══ DATA FOR REVIEW

(* For every integer $p\ge 2$, the path $P_p$ on $p$ vertices satisfies $\gamma_{[3R]}(P_p)=M_p$, where $M_p=4\lfloor p/3\rfloor$ if $p\equiv 0\pmod 3$, $M_p=4\lfloor p/3\rfloor+3$ if $p\equiv 1\pmod 3$, and $M_p=4\lfloor p/3\rfloor+4$ if $p\equiv 2\pmod 3$.
   Context: For a graph $\Gamma=(V,E)$ and $h:V\to\{0,1,2,3,4\}$, let $AN(v)=\{w\in N(v):h(w)\ge 1\}$, $AN[v]=AN(v)\cup\{v\}$ and $h(S)=\sum_{u\in S}h(u)$. $h$ is a triple Roman dominating function (3RDF) if every $v$ with $h(v)<3$ satisfies $h(AN[v])\ge|AN(v)|+3$. The triple Roman domination number $\gamma_{[3R]}(\Gamma)$ is the minimum weight $h(V)$ of a 3RDF of $\Gamma$. *)

From mathcomp Require Import all_boot.
Set Implicit Arguments. Unset Strict Implicit. Unset Printing Implicit Defensive.

Section TRD.
Variables (T : finType) (e : rel T).

Definition AN (h : {ffun T -> 'I_5}) (v : T) : {set T} :=
  [set w | e v w & 0 < h w].
Definition ANc (h : {ffun T -> 'I_5}) (v : T) : {set T} := v |: AN h v.

Definition hsum (h : {ffun T -> 'I_5}) (S : {set T}) : nat :=
  \sum_(u in S) (h u : nat).

Definition is_3RDF (h : {ffun T -> 'I_5}) : bool :=
  [forall v, (h v < 3) ==> (#|AN h v| + 3 <= hsum h (ANc h v))].

Definition weight (h : {ffun T -> 'I_5}) : nat := \sum_(u : T) (h u : nat).

(* minimum weight of a 3RDF (the constant function 3 is always a 3RDF,
   so the minimum is taken over a nonempty set). *)
Definition gamma3R : nat :=
  \big[minn/weight [ffun => inord 3]]_(h | is_3RDF h) weight h.
End TRD.

Definition path_rel (p : nat) : rel 'I_p :=
  fun i j => (i.+1 == j :> nat) || (j.+1 == i :> nat).
Arguments path_rel p : clear implicits.

Definition Mp (p : nat) : nat :=
  if p %% 3 == 0 then 4 * (p %/ 3)
  else if p %% 3 == 1 then 4 * (p %/ 3) + 3
  else 4 * (p %/ 3) + 4.

From mathcomp Require Import all_boot zify.

Set Implicit Arguments.
Unset Strict Implicit.
Unset Printing Implicit Defensive.

(* A function on the path P_p is encoded by its sequence of values, padded
   with a 0 at each end (a neighbour of value 0 is not active, so the padding
   changes nothing); being a 3RDF then says that every window (a, b, c) of
   three consecutive values satisfies [window3 a b c].  The pattern
   0 4 0 0 4 0 ..., completed by 3 or by 0 4, attains M_p.  For the lower
   bound, read an admissible sequence from right to left: a suffix s preceded
   by the value a satisfies 3 Σ s - 4 |s| >= Φ(a, head s, |s| mod 3) - 4 for
   the potential Φ tabulated in [potential_table].  The induction step is one
   inequality per window, checked by computation, and at the left end
   (a = 0) the potential yields 3 Σ s >= 3 M_p. *)

Lemma geq_bigmin_seq (I : eqType) (r : seq I) (P : pred I) (F : I -> nat) x0 i :
  i \in r -> P i -> \big[minn/x0]_(j <- r | P j) F j <= F i.
Proof.
elim: r => [|j r IH] //; rewrite inE big_cons => /orP[/eqP <- -> | ri Pi].
  exact: geq_minl.
by case: ifP => _; rewrite ?geq_min IH ?orbT.
Qed.

Lemma leq_bigmin (I : finType) (P : pred I) (F : I -> nat) x0 m :
  m <= x0 -> (forall i, P i -> m <= F i) -> m <= \big[minn/x0]_(i | P i) F i.
Proof.
by move=> m_x0 m_F; elim/big_ind: _ => // x y; rewrite leq_min => -> ->.
Qed.

Section Gamma3R.
Variables (T : finType) (e : rel T).

Lemma is_3RDF_const3 : is_3RDF e [ffun => inord 3].
Proof. by apply/forallP => v; rewrite ffunE inordK. Qed.

Lemma gamma3R_le h : is_3RDF e h -> gamma3R e <= weight h.
Proof. exact: geq_bigmin_seq (mem_index_enum h). Qed.

Lemma gamma3R_ge m :
  (forall h, is_3RDF e h -> m <= weight h) -> m <= gamma3R e.
Proof. by move=> lb; apply: leq_bigmin => //; apply/lb/is_3RDF_const3. Qed.

End Gamma3R.

Definition window3 (a b c : nat) : bool :=
  (b < 3) ==> ((0 < a) + (0 < c) + 3 <= b + (a + c)).

Fixpoint windows3 (s : seq 'I_5) : bool :=
  match s with
  | a :: ((b :: c :: _) as t) => window3 a b c && windows3 t
  | _ => true
  end.

Definition pad0 (s : seq 'I_5) : seq 'I_5 := ord0 :: rcons s ord0.

Definition is_3RDF_seq (s : seq 'I_5) : bool := windows3 (pad0 s).

Lemma nth_pad0_end s k : k = 0 \/ k = (size s).+1 -> nth ord0 (pad0 s) k = ord0.
Proof. by case=> ->; rewrite //= nth_rcons ltnn eqxx. Qed.

Lemma nth_pad0 s k : k < size s -> nth ord0 (pad0 s) k.+1 = nth ord0 s k.
Proof. by move=> ks; rewrite /= nth_rcons ks. Qed.

Lemma windows3_cons2 a b t : t != [::] ->
  windows3 [:: a, b & t] = window3 a b (head ord0 t) && windows3 (b :: t).
Proof. by case: t. Qed.

Lemma windows3P s :
  reflect (forall j, j.+2 < size s ->
             window3 (nth ord0 s j) (nth ord0 s j.+1) (nth ord0 s j.+2))
          (windows3 s).
Proof.
elim: s => [|a [|b [|c t]] IH]; try by constructor=> -[|j].
rewrite windows3_cons2 //; apply: (iffP andP) => [[w /IH ws] | ws].
  by case=> [_ | j /ws].
by split; [apply: (ws 0) | apply/IH => j /(ws j.+1)].
Qed.

Section PathGraph.
Variable p : nat.
Implicit Types (h : {ffun 'I_p -> 'I_5}) (i : 'I_p).

Lemma sum_path_nbr (G : nat -> nat) i : G 0 = 0 -> G p.+1 = 0 ->
  \sum_(w | path_rel p i w) G w.+1 = G i + G i.+2.
Proof.
move=> G0 Gp.
have sum_at k : k <= p.+1 -> \sum_(w < p | w.+1 == k) G w.+1 = G k.
  case: k => [_ | k]; first by rewrite big_pred0.
  rewrite ltnS leq_eqVlt => /orP[/eqP -> | kp].
    by rewrite big_pred0 // => w; rewrite eqSS ltn_eqF.
  by rewrite (big_pred1 (Ordinal kp)) // => w; rewrite eqSS.
rewrite (bigID (fun w : 'I_p => w.+1 == i)) /=.
rewrite -(sum_at i (leqW (ltnW (ltn_ord i)))) -(sum_at i.+2 (ltn_ord i)).
congr (_ + _); apply: eq_bigl => w; rewrite /path_rel.
  by case: (w.+1 == i); rewrite ?orbT ?andbF.
case: (w.+1 =P i) => [wi | _]; last by rewrite orbF andbT eqSS eq_sym.
by rewrite andbF; apply/esym/eqP; lia.
Qed.

Lemma size_codom_ord h : size (codom h) = p.
Proof. by rewrite size_codom card_ord. Qed.

Lemma nth_codom_ord h i : nth ord0 (codom h) i = h i.
Proof. by rewrite codomE (nth_map i) ?size_enum_ord // nth_ord_enum. Qed.

Lemma nth_pad0_codom h i : nth ord0 (pad0 (codom h)) i.+1 = h i.
Proof. by rewrite nth_pad0 ?size_codom_ord ?nth_codom_ord. Qed.

Lemma path_window h i (t := pad0 (codom h)) :
  (h i < 3) ==> (#|AN (path_rel p) h i| + 3 <= hsum h (ANc (path_rel p) h i))
  = window3 (nth ord0 t i) (nth ord0 t i.+1) (nth ord0 t i.+2).
Proof.
have sum_nbr (F : nat -> nat) : F 0 = 0 ->
    \sum_(w | path_rel p i w) F (h w) = F (nth ord0 t i) + F (nth ord0 t i.+2).
  move=> F0; rewrite -(sum_path_nbr (G := fun k => F (nth ord0 t k))).
  - by apply: eq_bigr => w _; rewrite nth_pad0_codom.
  - by rewrite nth_pad0_end; auto.
  - by rewrite nth_pad0_end ?size_codom_ord; auto.
have card_AN : #|AN (path_rel p) h i| = \sum_(w | path_rel p i w) (0 < h w).
  rewrite -sum1_card big_mkcond [RHS]big_mkcond; apply: eq_bigr => w _.
  by rewrite inE; case: (path_rel p i w); case: (0 < h w).
have hsum_ANc :
    hsum h (ANc (path_rel p) h i) = h i + \sum_(w | path_rel p i w) h w.
  rewrite /hsum big_setU1 /=; last by rewrite inE /path_rel !eqn_leq !ltnn.
  congr (_ + _); rewrite big_mkcond [RHS]big_mkcond; apply: eq_bigr => w _.
  by rewrite inE; case: (path_rel p i w); case: posnP.
rewrite card_AN hsum_ANc (sum_nbr (fun x => 0 < x)) //.
by rewrite (sum_nbr (fun x => x)) // nth_pad0_codom.
Qed.

Lemma is_3RDF_path h : is_3RDF (path_rel p) h = is_3RDF_seq (codom h).
Proof.
have size_t : size (pad0 (codom h)) = p.+2.
  by rewrite /= size_rcons size_codom_ord.
apply/forallP/windows3P => [ok j | ok i]; rewrite ?path_window.
  by rewrite size_t !ltnS => jp; have := ok (Ordinal jp); rewrite path_window.
by apply: ok; rewrite size_t !ltnS.
Qed.

Lemma weight_codom h : weight h = \sum_(x <- codom h) x.
Proof. by rewrite codomE big_map big_enum. Qed.

Lemma codom_ffun_nth (s : seq 'I_5) :
  size s = p -> codom [ffun i : 'I_p => nth ord0 s i] = s.
Proof.
move=> size_s; apply: (@eq_from_nth _ ord0) => [|j]; rewrite size_codom_ord //.
move=> jp; rewrite codomE (nth_map (Ordinal jp)) ?size_enum_ord // ffunE.
by rewrite nth_enum_ord.
Qed.

Lemma path_gamma3R_le (s : seq 'I_5) :
  size s = p -> is_3RDF_seq s -> gamma3R (path_rel p) <= \sum_(x <- s) x.
Proof.
move=> size_s ok; rewrite -(codom_ffun_nth size_s) -weight_codom.
by apply: gamma3R_le; rewrite is_3RDF_path codom_ffun_nth.
Qed.

Lemma path_gamma3R_ge m :
  (forall s : seq 'I_5, size s = p -> is_3RDF_seq s -> m <= \sum_(x <- s) x) ->
  m <= gamma3R (path_rel p).
Proof.
move=> lb; apply: gamma3R_ge => h; rewrite is_3RDF_path weight_codom.
by apply: lb; rewrite size_codom_ord.
Qed.

End PathGraph.

(* [potential a b r] is 4 plus the least value of 3 Σ s - 4 |s| over the
   sequences s with head b (b = 0 if s is empty) and |s| = r (mod 3) such that
   [windows3 (a :: rcons s 0)]; it was computed by dynamic programming, and
   only the inequalities checked below are used. *)
Definition potential_table : seq (seq (seq nat)) :=
  [:: [:: [:: 4; 7; 10; 10; 13]; [:: 4; 7; 10; 10; 13]; [:: 4; 7; 7; 10; 13];
          [:: 4; 7; 7; 10; 13]; [:: 4; 7; 7; 10; 13]];
      [:: [:: 9; 9; 9; 9; 12]; [:: 9; 9; 9; 9; 12]; [:: 6; 9; 6; 9; 12];
          [:: 6; 3; 6; 9; 12]; [:: 0; 3; 6; 9; 12]];
      [:: [:: 8; 8; 8; 8; 8]; [:: 8; 8; 8; 8; 8]; [:: 5; 8; 8; 8; 8];
          [:: 5; 8; 8; 8; 8]; [:: 5; 8; 8; 8; 8]]].

Definition potential (a b r : nat) : nat :=
  nth 0 (nth [::] (nth [::] potential_table r) a) b.

Lemma potential_step_check :
  all (fun a => all (fun b => all (fun c => all (fun r =>
    window3 a b c ==> (potential a b (r.+1 %% 3) + 4 <= 3 * b + potential b c r))
  (iota 0 3)) (iota 0 5)) (iota 0 5)) (iota 0 5).
Proof. by []. Qed.

Lemma potential_step a b c r : a < 5 -> b < 5 -> c < 5 -> r < 3 ->
  window3 a b c -> potential a b (r.+1 %% 3) + 4 <= 3 * b + potential b c r.
Proof.
move=> a5 b5 c5 r3; move: potential_step_check.
move=> /allP/(_ a); rewrite mem_iota a5 => /(_ isT).
move=> /allP/(_ b); rewrite mem_iota b5 => /(_ isT).
move=> /allP/(_ c); rewrite mem_iota c5 => /(_ isT).
by move=> /allP/(_ r); rewrite mem_iota r3 => /(_ isT)/implyP.
Qed.

Lemma potential_nil a : a < 5 -> potential a 0 0 = 4.
Proof. by case: a => [|[|[|[|[|]]]]]. Qed.

Lemma potential_left_end b n :
  b < 5 -> 3 * Mp n + 4 <= 4 * n + potential 0 b (n %% 3).
Proof.
have n_eq := divn_eq n 3; have := ltn_pmod n (isT : 0 < 3).
rewrite /Mp; case: (n %% 3) n_eq => [|[|[|//]]] n_eq _ /=;
  case: b => [|[|[|[|[|//]]]]] _; rewrite /potential /=; lia.
Qed.

Lemma windows3_potential (a : 'I_5) (s : seq 'I_5) :
  windows3 (a :: rcons s ord0) ->
  4 * size s + potential a (head ord0 s) (size s %% 3) <= 3 * \sum_(x <- s) x + 4.
Proof.
elim: s a => [|b s IH] a; first by rewrite big_nil potential_nil.
have [rcons_nnil head_rcons] :
    rcons s ord0 != [::] /\ head ord0 (rcons s ord0) = head ord0 s.
  by case: s {IH}.
rewrite rcons_cons windows3_cons2 // head_rcons => /andP[ab ok]; have := IH b ok.
have := potential_step (ltn_ord a) (ltn_ord b) (ltn_ord (head ord0 s))
  (ltn_pmod (size s) (isT : 0 < 3)) ab.
have -> : (size s).+1 %% 3 = (size s %% 3).+1 %% 3 by lia.
by rewrite big_cons /=; lia.
Qed.

Lemma Mp_le_sum (s : seq 'I_5) : is_3RDF_seq s -> Mp (size s) <= \sum_(x <- s) x.
Proof.
move=> /windows3_potential /=.
by have := potential_left_end (size s) (ltn_ord (head ord0 s)); lia.
Qed.

Definition block : seq 'I_5 := [:: ord0; ord_max; ord0].

Definition witness (n : nat) : seq 'I_5 :=
  flatten (nseq (n %/ 3) block) ++
  (if n %% 3 == 0 then [::]
   else if n %% 3 == 1 then [:: inord 3] else [:: ord0; ord_max]).

Lemma windows3_max t : windows3 (ord_max :: t) = windows3 t.
Proof.
case: t => [|b [|c t]] //; rewrite windows3_cons2 //= andb_idl // => _.
by rewrite /window3; lia.
Qed.

Lemma windows3_blocks k t :
  windows3 (ord0 :: flatten (nseq k block) ++ t) = windows3 (ord0 :: t).
Proof.
elim: k => [|k IH] //; rewrite -IH.
have -> : ord0 :: flatten (nseq k.+1 block) ++ t =
          [:: ord0, ord0, ord_max & ord0 :: flatten (nseq k block) ++ t] by [].
by rewrite windows3_cons2 // windows3_cons2 // windows3_max.
Qed.

Lemma is_3RDF_witness n : is_3RDF_seq (witness n).
Proof.
rewrite /is_3RDF_seq /pad0 rcons_cat windows3_blocks.
by case: ifP => _; [|case: ifP => _]; rewrite /= /window3 ?inordK.
Qed.

Lemma size_witness n : size (witness n) = n.
Proof.
rewrite size_cat size_flatten /shape map_nseq sumn_nseq.
have n_eq := divn_eq n 3; have := ltn_pmod n (isT : 0 < 3).
by case: ifP => /eqP; [|case: ifP => /eqP] => /=; lia.
Qed.

Lemma sum_witness n : \sum_(x <- witness n) x = Mp n.
Proof.
have sum_blocks k : \sum_(x <- flatten (nseq k block)) x = 4 * k.
  elim: k => [|k IH]; first by rewrite big_nil.
  by rewrite [flatten _]/= !big_cons IH /=; lia.
rewrite big_cat sum_blocks /Mp.
by case: ifP => _; [|case: ifP => _]; rewrite ?big_cons big_nil ?inordK /= ?addn0.
Qed.

Theorem proposition20 (p : nat) : 2 <= p -> gamma3R (path_rel p) = Mp p.
Proof.
move=> _; apply/anti_leq/andP; split.
  by rewrite -sum_witness path_gamma3R_le ?size_witness ?is_3RDF_witness.
by apply: path_gamma3R_ge => s <-; apply: Mp_le_sum.
Qed.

════

WHAT THE TASK REQUIRES
Leave out every line above except those from the line with "Proof. by case=>" up to and including the line with "case: k => [_", and copy those exactly.

RESPONSE FOR THIS EXERCISE
Proof. by case=> ->; rewrite //= nth_rcons ltnn eqxx. Qed.

Lemma nth_pad0 s k : k < size s -> nth ord0 (pad0 s) k.+1 = nth ord0 s k.
Proof. by move=> ks; rewrite /= nth_rcons ks. Qed.

Lemma windows3_cons2 a b t : t != [::] ->
  windows3 [:: a, b & t] = window3 a b (head ord0 t) && windows3 (b :: t).
Proof. by case: t. Qed.

Lemma windows3P s :
  reflect (forall j, j.+2 < size s ->
             window3 (nth ord0 s j) (nth ord0 s j.+1) (nth ord0 s j.+2))
          (windows3 s).
Proof.
elim: s => [|a [|b [|c t]] IH]; try by constructor=> -[|j].
rewrite windows3_cons2 //; apply: (iffP andP) => [[w /IH ws] | ws].
  by case=> [_ | j /ws].
by split; [apply: (ws 0) | apply/IH => j /(ws j.+1)].
Qed.

Section PathGraph.
Variable p : nat.
Implicit Types (h : {ffun 'I_p -> 'I_5}) (i : 'I_p).

Lemma sum_path_nbr (G : nat -> nat) i : G 0 = 0 -> G p.+1 = 0 ->
  \sum_(w | path_rel p i w) G w.+1 = G i + G i.+2.
Proof.
move=> G0 Gp.
have sum_at k : k <= p.+1 -> \sum_(w < p | w.+1 == k) G w.+1 = G k.
  case: k => [_ | k]; first by rewrite big_pred0.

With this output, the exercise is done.